▶ **What you need to do**:
The answer must be a single number: how many lines of the records below contain "that".

▶ **Records for processing**:

□ □ □ □ □

(* Let $\psi\in\mathcal H$ be a normalized eigenvector of $U_\Bbbk$, $U_\Bbbk\psi=e^{i\theta}\psi$, let $\Psi_\Bbbk=(\psi,\bar UP_{[\![1]\!]}\psi)/\Gamma^{1/2}$ with $\Gamma=1+\langle\psi,P_{[\![1]\!]}\psi\rangle$, and let $\bar\mu_\Bbbk([\![\mathrm y]\!])=\langle\Psi_\Bbbk,\widetilde P_{[\![\mathrm y]\!]}\Psi_\Bbbk\rangle$. Then for every integer $1\leq n<\Bbbk-1$, $$\frac1n h_n(\bar\mu_\Bbbk)\geq\frac1{\Bbbk-1}h_{\Bbbk-1}(\bar\mu_\Bbbk)-\frac{n\log2}{\Bbbk-1}.$$
   Context: Let $\Bbbk\geq3$ and $\mathcal H=(\mathbb C^2)^{\otimes\Bbbk}$ with orthonormal basis $|\mathrm x\rangle=|\mathrm x_1\rangle\otimes\cdots\otimes|\mathrm x_\Bbbk\rangle$, $\mathrm x_i\in\{0,1\}$. For a binary word $\mathrm w$ of length $m\leq\Bbbk$, $P_{[\![\mathrm w]\!]}$ is the orthogonal projection onto the span of the $|\mathrm x\rangle$ whose first $m$ digits equal $\mathrm w$. Let $\mathbf U$ be a $2\times2$ unitary with all entries of modulus $2^{-1/2}$, $\bar U|\mathrm x\rangle=|\mathrm x_2\rangle\otimes\cdots\otimes|\mathrm x_\Bbbk\rangle\otimes\mathbf U|\mathrm x_1\rangle$, $\sigma$ the unitary exchanging the last two tensor factors, and $P'_{[\![j]\!]}=\bar UP_{[\![j]\!]}\bar U^*$. Let $U_\Bbbk=\bar UP_{[\![0]\!]}+\sigma\bar U^2P_{[\![1]\!]}$, i.e. $U_\Bbbk|\mathrm x\rangle=|\mathrm x_2\rangle\otimes\cdots\otimes|\mathrm x_\Bbbk\rangle\otimes\mathbf U|\mathrm x_1\rangle$ if $\mathrm x_1=0$ and $U_\Bbbk|\mathrm x\rangle=|\mathrm x_3\rangle\otimes\cdots\otimes|\mathrm x_\Bbbk\rangle\otimes\mathbf U|\mathrm x_2\rangle\otimes\mathbf U|\mathrm x_1\rangle$ if $\mathrm x_1=1$. Tower space $\widetilde{\mathcal H}=\mathcal H\oplus P'_{[\![1]\!]}\mathcal H$ with direct-sum scalar product. For a binary word $\mathrm y$ of length $n\leq\Bbbk-1$, $\widetilde P_{[\![\mathrm y]\!]}=P_{[\![\mathrm y]\!]}\oplus P'_{[\![1]\!]}P_{[\![\mathrm y]\!]}$, and $h_n(\bar\mu_\Bbbk)=-\sum_{|\mathrm y|=n}\bar\mu_\Bbbk([\![\mathrm y]\!])\log\bar\mu_\Bbbk([\![\mathrm y]\!])$ (with $0\log0=0$). *)

From HB Require Import structures.
From mathcomp Require Import all_boot all_order all_algebra.
From mathcomp Require Export complex.
From mathcomp Require Export reals exp.
Unset Printing Implicit Defensive.
Import Order.TTheory GRing.Theory Num.Theory.
Local Open Scope ring_scope.

Section QuantumWalk.
Variable R : realType.
Local Notation C := R[i].

(* Basis of H = (C^2)^{(x) k}: binary words x = x_1...x_k, encoded as
   k-tuples of booleans; digit x_{i+1} is [nth false x i]. *)
Definition word (k : nat) := k.-tuple bool.

Definition vec (k : nat) := word k -> C.
Definition op (k : nat) := word k -> word k -> C.

Definition app k (A : op k) (v : vec k) : vec k := fun z => \sum_(x : word k) A z x * v x.
Definition opmul k (A B : op k) : op k := fun z x => \sum_(y : word k) A z y * B y x.
Definition opadd k (A B : op k) : op k := fun z x => A z x + B z x.
Definition adj k (A : op k) : op k := fun z x => (A x z)^*.
Definition inner k (u v : vec k) : C := \sum_(z : word k) (u z)^* * v z.

Definition bI (b : bool) : 'I_2 := inord (nat_of_bool b).

(* projection P_[[w]] onto span of |x> whose first |w| digits equal w *)
Definition Pw k (w : seq bool) : op k :=
  fun z x => ((z == x) && (take (size w) x == w))%:R.

(* Ubar |x> = |x_2> (x) ... (x) |x_k> (x) U |x_1>, with U|b> = sum_c U_{c b}|c> *)
Definition Ubar k (U : 'M[C]_2) : op k :=
  fun z x => (behead x == take k.-1 z)%:R *
             U (bI (nth false z k.-1)) (bI (nth false x 0)).

(* sigma: exchange of the last two tensor factors (positions k-1 and k) *)
Definition swapidx (k i : nat) : nat :=
  if i == k.-2 then k.-1 else if i == k.-1 then k.-2 else i.
Definition sigma k : op k :=
  fun z x => (val z == [seq nth false x (swapidx k i) | i <- iota 0 k])%:R.

Definition Uk k (U : 'M[C]_2) : op k :=
  opadd k (opmul k (Ubar k U) (Pw k [:: false]))
        (opmul k (sigma k) (opmul k (opmul k (Ubar k U) (Ubar k U)) (Pw k [:: true]))).

Definition P'1 k (U : 'M[C]_2) : op k :=
  opmul k (opmul k (Ubar k U) (Pw k [:: true])) (adj k (Ubar k U)).

(* Tower space H (+) P'_[[1]] H, modelled as pairs of vectors of H whose second
   component lies in P'_[[1]] H, with the direct-sum scalar product. *)
Definition inner2 k (u v : vec k * vec k) : C := inner k u.1 v.1 + inner k u.2 v.2.

Definition tPw k (U : 'M[C]_2) (y : seq bool) (u : vec k * vec k) : vec k * vec k :=
  (app k (Pw k y) u.1, app k (opmul k (P'1 k U) (Pw k y)) u.2).

Definition Gamma k (psi : vec k) : C := 1 + inner k psi (app k (Pw k [:: true]) psi).

Definition PsiK k (U : 'M[C]_2) (psi : vec k) : vec k * vec k :=
  (fun z => (sqrtC (Gamma k psi))^-1 * psi z,
   fun z => (sqrtC (Gamma k psi))^-1 * app k (opmul k (Ubar k U) (Pw k [:: true])) psi z).

(* bar mu_k([[y]]) = <Psi_k, tilde P_[[y]] Psi_k>  (a real number; we take the
   real part of the complex scalar product) *)
Definition mubar k (U : 'M[C]_2) (psi : vec k) (y : seq bool) : R :=
  complex.Re (inner2 k (PsiK k U psi) (tPw k U y (PsiK k U psi))).

Definition xlogx (t : R) : R := if t == 0 then 0 else t * ln t.

Definition hn k (U : 'M[C]_2) (psi : vec k) (n : nat) : R :=
  - \sum_(y : n.-tuple bool) xlogx (mubar k U psi (val y)).

Definition unitary2 (U : 'M[C]_2) : Prop :=
  (map_mx Num.conj U)^T *m U = 1%:M /\ U *m (map_mx Num.conj U)^T = 1%:M.

End QuantumWalk.

(* Let Q(w) = <psi, P_[[w]] psi>, so that mubar([[y]]) = (Q(y) + Q(1y)) / Gamma.  Reading
   off the coordinates of U_k psi and using that the columns of U are orthonormal gives
   |lam|^2 Q(y) = Q(0y) + Q(10y) + Q(11y); at the empty word this forces |lam| = 1.  Hence
   mubar is consistent both under extension to the right and under extension to the left
   (shift invariance) on words of length at most k - 1.  For such a family the block
   entropies are subadditive by Gibbs' inequality, h_1 <= log 2, and writing k - 1 = j n + r
   with r < n gives h_(k-1) <= j h_n + r log 2 <= (k - 1) h_n / n + n log 2. *)

From Pilot Require Import Defs.
From HB Require Import structures.
From mathcomp Require Import all_boot all_order all_algebra.
From mathcomp Require Import complex reals exp.
From mathcomp Require Import lra zify ring.
Import Order.TTheory GRing.Theory Num.Theory.
Local Open Scope ring_scope.

(** * Sums over binary words *)

Section WordSums.
Context {V : zmodType}.

Fixpoint bsum (n : nat) (F : seq bool -> V) : V :=
  if n is n'.+1 then bsum n' (fun s => F (false :: s)) + bsum n' (fun s => F (true :: s))
  else F [::].

Lemma bsumS n F :
  bsum n.+1 F = bsum n (fun s => F (false :: s)) + bsum n (fun s => F (true :: s)).
Proof. by []. Qed.

Lemma eq_bsum {n} {F G : seq bool -> V} :
  (forall s, size s = n -> F s = G s) -> bsum n F = bsum n G.
Proof.
elim: n F G => [|n IH] F G eqFG /=; first exact: eqFG.
by congr (_ + _); apply: IH => s hs; apply: eqFG; rewrite /= hs.
Qed.

Lemma bsumD n F G : bsum n (fun s => F s + G s) = bsum n F + bsum n G.
Proof.
elim: n F G => [|n IH] F G //=.
by rewrite (IH (fun s => F (false :: s))) (IH (fun s => F (true :: s))) addrACA.
Qed.

Lemma bsum0 n : bsum n (fun _ => 0) = 0.
Proof. by elim: n => [|n IH] //=; rewrite IH addr0. Qed.

Lemma bsumN n F : bsum n (fun s => - F s) = - bsum n F.
Proof.
by apply/eqP; rewrite -addr_eq0 -bsumD (eq_bsum (G := fun _ => 0)) ?bsum0 // => s _; rewrite addNr.
Qed.

Lemma bsum_cat a b F :
  bsum (a + b) F = bsum a (fun x => bsum b (fun z => F (x ++ z))).
Proof.
elim: a F => [|a IH] F //=.
by rewrite (IH (fun s => F (false :: s))) (IH (fun s => F (true :: s))).
Qed.

Lemma bsum_rcons n F :
  bsum n.+1 F = bsum n (fun s => F (rcons s false) + F (rcons s true)).
Proof. by rewrite -addn1 bsum_cat; apply: eq_bsum => s _ /=; rewrite !cats1. Qed.

Lemma exchange_bsum a b (F : seq bool -> seq bool -> V) :
  bsum a (fun x => bsum b (F x)) = bsum b (fun z => bsum a (fun x => F x z)).
Proof.
elim: a F => [|a IH] F //=.
by rewrite (IH (fun x => F (false :: x))) (IH (fun x => F (true :: x))) -bsumD.
Qed.

Lemma big_tuple_bool n (F : seq bool -> V) :
  \sum_(t : n.-tuple bool) F (val t) = bsum n F.
Proof.
elim: n F => [|n IH] F /=.
  by rewrite (big_pred1 [tuple]) // => t; apply/esym/eqP/tuple0.
rewrite (reindex (fun p : bool * n.-tuple bool => cons_tuple p.1 p.2)) /=; last first.
  exists (fun t => (thead t, behead_tuple t)) => [[b t] _|t _]; first by congr pair; apply: val_inj.
  by apply: val_inj; rewrite /= [in RHS](tuple_eta t).
rewrite -(pair_big xpredT xpredT (fun b (t : n.-tuple bool) => F (b :: val t))) /=.
by rewrite big_bool /= addrC (IH (fun s => F (false :: s))) (IH (fun s => F (true :: s))).
Qed.
End WordSums.

Section WordSumsRing.
Context {V : pzRingType}.

Lemma bsum_distrr n (c : V) F : c * bsum n F = bsum n (fun s => c * F s).
Proof.
elim: n F => [|n IH] F //=.
by rewrite mulrDr (IH (fun s => F (false :: s))) (IH (fun s => F (true :: s))).
Qed.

□ □ □ □ □

▶ **Output for this task**:
2